What is quantum computing, how does it work and how is it different from regular computing?

An introduction to quantum computing, its scope and uses

Jun 24, 2021    By Team YoungWonks *

In one of our earlier blogs, we dissected the subject of supercomputing (https://www.youngwonks.com/blog/What-is-a-Supercomputer-and-What-are-its-Types--Uses-and-Applications). Another buzzword in the modern tech world is quantum computing. Before we delve into this rather complex topic, let us look at what the term quantum means. 

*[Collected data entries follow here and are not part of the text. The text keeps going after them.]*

(* Let $K$ be a commutative unital ring and let $A\in M_n(K)$ be block triangular with associated partition $A=(A_{ij})_{i,j=1}^q$. If $\lambda\in K$ is an eigenvalue of $A$, then $\lambda$ is an eigenvalue of $A_{ii}$ for some $1\le i\le q$.
   Context: $A$ is block lower triangular if there is a partition $A=(A_{ij})_{i,j=1}^q$, $q>1$, with square diagonal blocks $A_{ii}$ and $A_{ij}=0$ for $i<j$; block upper triangular if $A^T$ is block lower triangular (with the transposed partition); block triangular if either. $\lambda\in K$ is an eigenvalue of a square matrix $B$ if $Bv=\lambda v$ for some nonzero column vector $v$ over $K$; equivalently, $\det(\lambda I-B)$ is a zero divisor of $K$ (an element $u$ with $uw=0$ for some $w\ne0$). *)

From HB Require Import structures.
From mathcomp Require Import all_boot all_order all_algebra.
Set Implicit Arguments. Unset Strict Implicit. Unset Printing Implicit Defensive.
Import GRing.Theory.
Local Open Scope ring_scope.

Definition is_eigenvalue (K : comPzRingType) (m : nat) (B : 'M[K]_m) (lam : K) : Prop :=
  exists v : 'cV[K]_m, v != 0 /\ B *m v = lam *: v.

(* A square matrix of size \sum_i p i, partitioned into q x q blocks
   A_ij := submxblock A i j of size p i x p j (contiguous, in order). *)
Definition block_lower (K : comPzRingType) (q : nat) (p : 'I_q -> nat)
  (A : 'M[K]_(\sum_(i < q) p i)) : Prop :=
  forall i j : 'I_q, (i < j)%N -> submxblock A i j = 0.

Definition block_upper (K : comPzRingType) (q : nat) (p : 'I_q -> nat)
  (A : 'M[K]_(\sum_(i < q) p i)) : Prop := block_lower (A^T).

Definition block_triangular (K : comPzRingType) (q : nat) (p : 'I_q -> nat)
  (A : 'M[K]_(\sum_(i < q) p i)) : Prop := block_lower A \/ block_upper A.

From HB Require Import structures.
From mathcomp Require Import all_boot all_order all_algebra.
Import GRing.Theory.
Local Open Scope ring_scope.

(* Split an eigenvector v of A (A v = lam v, v != 0) into its
   blocks v_1, ..., v_q along the partition; some block is nonzero.  Row
   block i of the equation reads  \sum_j A_ij v_j = lam v_i.
   - If A is block lower triangular, take i minimal with v_i != 0: the terms
     with j > i vanish because A_ij = 0, those with j < i because v_j = 0.
   - If A is block upper triangular, take i maximal with v_i != 0 instead. *)

Section BlockEigen.

Variables (K : comPzRingType) (q : nat) (p : 'I_q -> nat).
Notation n := (\sum_(i < q) p i).

Lemma submxcol_mulmx (A : 'M[K]_n) (v : 'cV[K]_n) (i : 'I_q) :
  submxcol (A *m v) i = \sum_j submxblock A i j *m submxcol v j.
Proof.
rewrite -[A]submxblockK -[v]submxcolK mul_mxblock_mxrow mxcolK.
by apply: eq_bigr => j _; rewrite submxblockK submxcolK.
Qed.

Lemma submxcolZ (v : 'cV[K]_n) (lam : K) (i : 'I_q) :
  submxcol (lam *: v) i = lam *: submxcol v i.
Proof. by apply/matrixP => a b; rewrite !mxE. Qed.

Lemma submxcol_neq0 {v : 'cV[K]_n} : v != 0 -> exists i, submxcol v i != 0.
Proof.
move=> v_neq0; apply/existsP; apply: contraNT v_neq0.
rewrite negb_exists => /forallP v_blocks0; apply/eqP.
rewrite -[v]submxcolK -(mxcol0 (p_ := p) 1).
by apply: eq_mxcol => i; apply/eqP; rewrite -[_ == 0]negbK v_blocks0.
Qed.

Lemma eigenvalue_diag_block {A : 'M[K]_n} {v : 'cV[K]_n} {lam : K} {i : 'I_q} :
  A *m v = lam *: v -> submxcol v i != 0 ->
  (forall j, j != i -> submxblock A i j *m submxcol v j = 0) ->
  is_eigenvalue (submxblock A i i) lam.
Proof.
move=> Av vi_neq0 off_diag0; exists (submxcol v i); split => //.
rewrite -submxcolZ -Av submxcol_mulmx (bigD1 i) //=.
by rewrite big1 ?addr0 // => j /off_diag0.
Qed.

(* Lower case: use the first nonzero block of the eigenvector. *)
Lemma block_lower_eigenvalue (A : 'M[K]_n) (lam : K) :
  block_lower A -> is_eigenvalue A lam ->
  exists i : 'I_q, is_eigenvalue (submxblock A i i) lam.
Proof.
move=> A_lower [v [v_neq0 Av]].
have [i0 vi0_neq0] := submxcol_neq0 v_neq0.
have [i vi_neq0 i_min] := @arg_minnP _ i0 (fun j => submxcol v j != 0) val vi0_neq0.
exists i; apply: (eigenvalue_diag_block Av vi_neq0) => j j_neq_i.
have [i_lt_j | j_lt_i | /val_inj i_eq_j] := ltngtP i j.
- by rewrite A_lower // mul0mx.
- have /eqP -> : submxcol v j == 0.
    by apply: contraTT j_lt_i => /i_min; rewrite leqNgt.
  by rewrite mulmx0.
- by rewrite i_eq_j eqxx in j_neq_i.
Qed.

(* Upper case: use the last nonzero block of the eigenvector. *)
Lemma block_upper_eigenvalue (A : 'M[K]_n) (lam : K) :
  block_upper A -> is_eigenvalue A lam ->
  exists i : 'I_q, is_eigenvalue (submxblock A i i) lam.
Proof.
move=> A_upper [v [v_neq0 Av]].
have [i0 vi0_neq0] := submxcol_neq0 v_neq0.
have [i vi_neq0 i_max] := @arg_maxnP _ i0 (fun j => submxcol v j != 0) val vi0_neq0.
exists i; apply: (eigenvalue_diag_block Av vi_neq0) => j j_neq_i.
have [i_lt_j | j_lt_i | /val_inj i_eq_j] := ltngtP i j.
- have /eqP -> : submxcol v j == 0.
    by apply: contraTT i_lt_j => /i_max; rewrite ltnNge negbK.
  by rewrite mulmx0.
- have /eqP := A_upper _ _ j_lt_i.
  by rewrite -tr_submxblock trmx_eq0 => /eqP ->; rewrite mul0mx.
- by rewrite i_eq_j eqxx in j_neq_i.
Qed.

End BlockEigen.

Theorem lemma2p3 (K : comPzRingType) (q : nat) (p : 'I_q -> nat)
  (hq : (1 < q)%N) (hp : forall i, (0 < p i)%N)
  (A : 'M[K]_(\sum_(i < q) p i)) (lam : K) :
  block_triangular A -> is_eigenvalue A lam ->
  exists i : 'I_q, is_eigenvalue (submxblock A i i) lam.
Proof.
by case=> [A_lower | A_upper];
  [exact: block_lower_eigenvalue | exact: block_upper_eigenvalue].
Qed.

Outside of the sciences - be it quantum physics, quantum encryption and quantum computing - we keep hearing the phrase ‘quantum leap’. So what does quantum mean here? Does it denote a huge leap? The word quantum has its roots in the Latin word quantus or quantity. In physics, it refers to a ‘discrete quantity of energy proportional in magnitude to the frequency of the radiation it represents.’ Discrete here means non continuous or distinct. In that sense, quantum refers to distinct or significant quantities. 

 

 

Quantum Computing Explained

In a nutshell, quantum computing is where certain algebraic methods - typically the same methods or those parallel to the ones applied in quantum mechanics are used to develop algorithms for computations. Quantum mechanics in turn refers to a fundamental theory in physics that delves into the description of the physical properties of nature at the scale of atoms and subatomic particles. A quantum computer then is a conceptual computer that can implement such algorithms. So quantum computers are essentially based on quantum bits, also known as qubits, which can be made from a single electron.

 

 

Let us try to understand quantum computing better by looking at regular computing. 

 

Quantum Computing versus Regular Computing 

A regular computer chip uses bits, which are essentially like switches in that they can either be on or off. The off position is represented by a 0 while the on position is denoted by a 1. Be it apps or websites, they are made up of millions of bits - all of which are combinations of 1s and 0s. What is interesting to note then is the fact that not everything in life can be captured in ones and zeroes; often there’s room for several uncertainties which are ‘discrete’ (aka distinct from each other) as well. This is where quantum computing comes in. Quantum computing follows the principles of quantum mechanics, a set of rules governing at a really small scale of atoms and subatomic particles.

 

Superposition

Instead of bits, quantum computers use qubits. And unlike bits which have to be on or off (aka 1 or 0), qubits can be both on and off at the same time or even between the two. In quantum computing parlance, this phenomenon is called superposition.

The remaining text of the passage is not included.